Char test1 [] = "Feng, Ke, wei ";

Char * Test2 = "Feng, Ke, wei ";

Char * P; P = strtok (test1 ,",");

While (P)

{

Printf ("% s \ n", P );

P = strtok (null ,",");

}

Return 0;

}

Running result:

Feng

Ke

Wei

However, if p = strtok (Test2, ",") is used, a memory error occurs. Why? Is it related to the static variable in it? Let's take a look at its original code:

/***
*strtok.c - tokenize a string with given delimiters
*
*       Copyright (c) Microsoft Corporation. All rights reserved.
*
*Purpose:
*       defines strtok() - breaks string into series of token
*       via repeated calls.
*
*******************************************************************************/
#include <cruntime.h>
#include <string.h>
#ifdef _MT
#include <mtdll.h>
#endif /* _MT */
/***
* Char * strtok (string, control)-tokenize string with delimiter in control
*
* Purpose:
* Strtok considers the string to consist of a sequence of zero or more
* Text tokens separated by spans of one or more control chars.
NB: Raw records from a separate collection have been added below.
(* Let $N\ge2$ and let $C\subset\mathbb{P}^N$ be an irreducible curve with $C\cap\Delta_{N-2}=\emptyset$. Then every coordinate point $p$ of $\mathbb{P}^N$ (e.g. $p=(1:0:\cdots:0)$) satisfies $\operatorname{Hrk}_C(p)=N$.
   Context: Hadamard product: $(p_0:\cdots:p_N)\star(q_0:\cdots:q_N)=(p_0q_0:\cdots:p_Nq_N)$, defined when not all $p_iq_i$ vanish. $\operatorname{Hrk}_C(q)=\min\{m\mid q=p_1\star\cdots\star p_m,\ p_i\in C\}$ ($\infty$ if none). $\Delta_{N-2}\subset\mathbb{P}^N$ is the set of points with at least two coordinates equal to zero. *)

From HB Require Import structures.
From mathcomp Require Import all_boot all_order all_algebra.
From mathcomp Require Import mpoly.
Set Implicit Arguments. Unset Strict Implicit. Unset Printing Implicit Defensive.
Import Order.TTheory GRing.Theory.
Local Open Scope ring_scope.

Section Proj.
Variables (K : closedFieldType) (N : nat).

(* Homogeneous coordinates: a point of P^N is represented by a nonzero
   vector x : 'I_(N+1) -> K, up to nonzero scaling. Subsets of P^N are
   represented by scaling-invariant predicates on nonzero vectors. *)
Definition vec := 'I_N.+1 -> K.

Definition nonzero (x : vec) : Prop := exists i, x i != 0.

Definition proj_eq (x y : vec) : Prop :=
  nonzero x /\ exists c : K, c != 0 /\ forall i, y i = c * x i.

Definition homogeneous (d : nat) (p : {mpoly K[N.+1]}) : Prop :=
  {in msupp p, forall m, mdeg m = d}.

Definition Vzero (S : {mpoly K[N.+1]} -> Prop) (x : vec) : Prop :=
  nonzero x /\ forall p, S p -> p.@[x] = 0.

Definition zclosed (A : vec -> Prop) : Prop :=
  exists S : {mpoly K[N.+1]} -> Prop,
    (forall p, S p -> exists d, homogeneous d p) /\ forall x, A x <-> Vzero S x.

Definition subsetP (A B : vec -> Prop) : Prop := forall x, A x -> B x.
Definition psubsetP (A B : vec -> Prop) : Prop :=
  subsetP A B /\ exists x, B x /\ ~ A x.

Definition irreducible (A : vec -> Prop) : Prop :=
  zclosed A /\ (exists x, A x) /\
  forall B1 B2, zclosed B1 -> zclosed B2 -> subsetP A (fun x => B1 x \/ B2 x) ->
    subsetP A B1 \/ subsetP A B2.

(* irreducible curve: irreducible closed subset of (Krull) dimension 1:
   the longest chain of irreducible closed subsets Z0 < Z1 < ... inside C
   has length exactly 1. *)
Definition irreducible_curve (C : vec -> Prop) : Prop :=
  irreducible C /\
  (exists Z, irreducible Z /\ psubsetP Z C) /\
  ~ (exists Z0 Z1, irreducible Z0 /\ irreducible Z1 /\
        psubsetP Z0 Z1 /\ psubsetP Z1 C).

Definition Delta (x : vec) : Prop :=
  exists i j : 'I_N.+1, i != j /\ x i = 0 /\ x j = 0.

Definition hadamard_prod (m : nat) (ps : 'I_m -> vec) : vec :=
  fun i => \prod_(j < m) ps j i.

(* q = p_1 * ... * p_m with p_j in C (the product being defined, i.e.
   nonzero, which is forced by proj_eq) *)
Definition hdecomp (C : vec -> Prop) (q : vec) (m : nat) : Prop :=
  exists ps : 'I_m -> vec, (forall j, C (ps j)) /\ proj_eq (hadamard_prod ps) q.

Definition Hrk_is (C : vec -> Prop) (q : vec) (n : nat) : Prop :=
  (0 < n)%N /\ hdecomp C q n /\ forall m, (0 < m)%N -> hdecomp C q m -> (n <= m)%N.

Definition coord_point (k : 'I_N.+1) : vec := fun i => (i == k)%:R.

End Proj.

(* For every i <> k pick a point of C on the hyperplane x_i = 0; having no
   other zero coordinate, the Hadamard product of these N points is the
   coordinate point e_k.  Conversely, each factor of a decomposition of e_k
   vanishes at no more than one of the N coordinates other than k, so at
   least N factors are needed.
   The geometric input is that a curve meets every coordinate hyperplane.  A
   closed set avoiding x_i = 0 is finite: project it from a coordinate point
   of that hyperplane; the image is closed (elimination by resultants) and
   avoids a hyperplane, and the fibres are finite, so induction on N applies.
   An irreducible finite set is a single point, and a curve is not a point. *)

From mathcomp Require Import all_boot all_order all_algebra.
From mathcomp Require Import mpoly.
From Stdlib Require Import Classical FunctionalExtensionality.
From Stdlib Require List.
From mathcomp Require Import ring.
Set Implicit Arguments. Unset Strict Implicit. Unset Printing Implicit Defensive.
Import Order.TTheory GRing.Theory.
Local Open Scope ring_scope.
The first
* Call, with string specified, returns a pointer to the first char of
* First token, and will write a null Char into string immediately
* Following the returned token. Subsequent callwith zero for the first
* Argument (string) will work thru the string until no tokens remain.
* Control string may be different from call to call. When no tokens remain
* In string a null pointer is returned. Remember the control chars with
* Bit map, one bit per ASCII Char. The null char is always a control char.
* // The details are provided here !! Better than msdn!
* Entry:
* Char * string-string to tokenize, or null to get next token
* Char * Control-string of characters to use as delimiters
*
* Exit:
* Returns pointer to first token in string, or if string
* Was null, to next token
* Returns NULL when no more tokens remain.
*
* Uses:
*
* Exceptions:
*
**************************************** ***************************************/
char * __cdecl strtok (
        char * string,
        const char * control
        )
{
        unsigned char *str;
        const unsigned char *ctrl = control;
          unsigned char map[32];
        int count;
# Ifdef _ Mt
_ Ptiddata PTD = _ getptd ();
# Else/* _ Mt */
Static char * nextoken; // Save the static variables of the remaining substrings
# Endif/* _ Mt */
          /* Clear control map */
        for (count = 0; count < 32; count++)
                map[count] = 0;
          /* Set bits in delimiter table */
        do {
                map[*ctrl >> 3] |= (1 << (*ctrl & 7));
        } while (*ctrl++);
/* Initialize Str. If string is null, set STR to the saved
* Pointer (I. e., continue breaking tokens out of the string
* From the last strtok call )*/
If (string)
STR = string; // The original string used to call the function for the first time
Else
# Ifdef _ Mt
STR = PTD-> _ token;
# Else/* _ Mt */
STR = nextoken; // The remainder String called when the first parameter of the function is set to null
#endif  /* _MT */
          /* Find beginning of token (skip over leading delimiters). Note that
         * there is no token iff this loop sets str to point to the terminal
         * null (*str == '\0') */
        while ( (map[*str >> 3] & (1 << (*str & 7))) && *str )
                str++;
String = STR; // at this time, the string returns the execution result of the remainder string.
          /* Find the end of the token. If it is not the end of the string,
         * put a null there. */
// Here is the processing core. Find the separator and set it to '\ 0'. Of course,' \ 0' will also be saved in the returned string.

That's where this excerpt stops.